Plugins can request to 'listen' on certain events (such as MouseClick, MouseScroll etc.). These functions make up a total of >300 different events. Normally I would have done something like this:

extern "C" void SetEventHooks(APITable& table) { table.MouseClick = &PluginMouseClickEvent; table.MouseMove = &PluginMouseMoveEvent; } 

Whereas the SetEventHooksfunction resides within the plugin library and is called from the application, and the plugins can listen to functions of interest by pointing to their functions. This is not the method I want to use, but I want to offer some kind of abstraction instead.
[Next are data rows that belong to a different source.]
(* Let $n$ be sufficiently large and let $K_{2n+1}$ be ND-coloured. Let $x,y\in V(K_{2n+1})$ be distinct vertices, let $C\subseteq C(K_{2n+1})$ be a set of $100$ colours, and let $X\subseteq V(K_{2n+1})$ and $C'\subseteq C(K_{2n+1})$ satisfy $|X|\leq n/10^3$ and $|C'|\leq n/10^3$. Then there is a set $\bar{C}\subseteq C(K_{2n+1})\setminus (C\cup C')$ of $694$ colours and a set $\bar{X}\subseteq V(K_{2n+1})\setminus X$ of at most $1500$ vertices such that, for each $c\in C$, there is a $(\bar{C}\cup \{c\})$-rainbow $x,y$-path of length $695$ all of whose internal vertices lie in $\bar{X}$.
   Context: ND-colouring of $K_{2n+1}$: vertex set $\{0,\dots,2n\}$, edge $ij$ has colour $k\in\{1,\dots,n\}$ where $i-j\equiv\pm k\pmod{2n+1}$; $C(K_{2n+1})=\{1,\dots,n\}$. A graph is $D$-rainbow if its edges have distinct colours all in $D$. Length of a path is its number of edges. *)

From mathcomp Require Import all_boot.
Set Implicit Arguments. Unset Strict Implicit. Unset Printing Implicit Defensive.

(* ND-colouring of K_{2n+1}: vertices are 'I_(2n+1); the edge ij gets the
   colour k in {1..n} with i - j = +-k (mod 2n+1). *)
Definition nd_col (n : nat) (i j : 'I_(2 * n + 1)) : nat :=
  let d := (i + (2 * n + 1) - j) %% (2 * n + 1) in minn d (2 * n + 1 - d).

Definition nd_colours (n : nat) : {set 'I_n.+1} := [set k : 'I_n.+1 | 0 < k].

Definition edges_of (T : Type) (p : seq T) : seq (T * T) := zip p (behead p).

Definition is_xy_path (n : nat) (x y : 'I_(2 * n + 1)) (p : seq 'I_(2 * n + 1)) : bool :=
  [&& p != [::], head x p == x, last x p == y & uniq p].

Definition path_length (T : Type) (p : seq T) : nat := (size p).-1.

Definition internal_vertices (T : Type) (p : seq T) : seq T :=
  take (size p).-2 (behead p).

Definition path_colours (n : nat) (p : seq 'I_(2 * n + 1)) : seq nat :=
  [seq nd_col e.1 e.2 | e <- edges_of p].

Definition rainbow (n : nat) (D : {set 'I_n.+1}) (p : seq 'I_(2 * n + 1)) : bool :=
  uniq (path_colours p) &&
  all (fun k => k \in [seq val d | d <- enum D]) (path_colours p).

From mathcomp Require Import all_boot all_algebra zify ring.
Set Implicit Arguments. Unset Strict Implicit. Unset Printing Implicit Defensive.
Import GRing.Theory.

(* For a colour c with h = c/2 (in Z/(2n+1)) and fresh r, A, the vertices
   r, r - A, r - h, r + A, r + h form a gadget: the routes r, r + A, r + h and
   r, r - A, r - h, r + h both lead from r to r + h, and their colour sets
   {A, h - A} and {A, h - A, c} differ exactly by c.  Chaining one gadget for
   each of the 100 colours of C, starting from x, and then joining the last
   gadget to y through 393 fresh vertices, we get for every c in C an x,y-path
   of length 300 + 1 + 394 = 695 whose colours are c together with 694 colours
   that do not depend on c.  Every new vertex or shift is chosen greedily: it
   must avoid a bounded number of values for each vertex and colour used so
   far or forbidden by X and C', which is far fewer than 2n + 1 values. *)

Lemma exists_notin (T : finType) (S : seq T) :
  (size S < #|T|)%N -> exists z, z \notin S.
Proof.
move=> small; case: (pickP [predC S]) => [z zS | S_full]; first by exists z.
suff: (#|T| <= size S)%N by rewrite leqNgt small.
apply: leq_trans (card_size S); apply/subset_leq_card/subsetP => z _.
by have /negbFE := S_full z.
Qed.

Lemma notin_cat (T : eqType) (z : T) (s1 s2 : seq T) :
  z \notin s1 ++ s2 -> z \notin s1 /\ z \notin s2.
Proof. by rewrite mem_cat negb_or => /andP. Qed.

Section ZmodTranslates.
Variable V : zmodType.
Local Open Scope ring_scope.

Lemma addr_eq_id (u a : V) : (u + a == u) = (a == 0).
Proof. by rewrite -[X in _ == X]addr0 (inj_eq (addrI u)). Qed.

Lemma mem_map_addr (a : V) (S : seq V) (z : V) :
  (z \in [seq s + a | s <- S]) = (z - a \in S).
Proof.
apply/mapP/idP => [[s sS ->]|zS]; first by rewrite addrK.
by exists (z - a); rewrite ?subrK.
Qed.

Lemma mem_map_subr (a : V) (S : seq V) (z : V) :
  (z \in [seq s - a | s <- S]) = (z + a \in S).
Proof. by rewrite mem_map_addr opprK. Qed.

Lemma mem_map_subl (a : V) (S : seq V) (z : V) :
  (z \in [seq a - s | s <- S]) = (a - z \in S).
Proof.
apply/mapP/idP => [[s sS ->]|zS]; first by rewrite opprB addrC subrK.
by exists (a - z); rewrite // opprB addrC subrK.
Qed.

End ZmodTranslates.

Lemma internal_vertices_rcons (T : Type) (a b : T) (s : seq T) :
  internal_vertices (a :: rcons s b) = s.
Proof. by rewrite /internal_vertices /= size_rcons -cats1 take_size_cat. Qed.

Lemma path_lengthE n (p : seq 'I_(2 * n + 1)) : path_length p = size (path_colours p).
Proof.
by rewrite /path_length size_map size_zip size_behead; apply/esym/minn_idPr/leq_pred.
Qed.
This is what I had in mind:

// Interface IPluginAPI supplies a 'SetEventHook` method such as void SetEventHook(HookID id, void * callback); 

In this case HookID is a strong typed enum which contains all function IDs:

enum class HookID { MouseClick, MouseMove, // ... }; 

So the plugin would use this function to listen to events:

pluginAPI->SetEventHook(ID::MouseClick, &myCallback); 

The problem with this approach is that it is not type-safe and I cannot use templates directly (since this is done at runtime as libraries). I don't want to expose 300 different functions either for each event (e.gSetHookMouseMove(void (*)(int, int)) and so on). My last idea, is that the plugins have a utility template function which makes this type safe, but I'm not sure how to implement this in a simple way (and without boilerplate code):

template <typename T> SetEventHook(HookID id, T callback) { if(typeof(T) == decltype(/* function type of the ID */)) gPluginAPI->SetEventHook(id, callback); else static_assert("INVALID FUNCTION TYPE"); } 

So to put it simple; how can I enable my plugins to hook to certain events in a dynamic type-safe way without exposing a complete function table and/or >300 methods for each event?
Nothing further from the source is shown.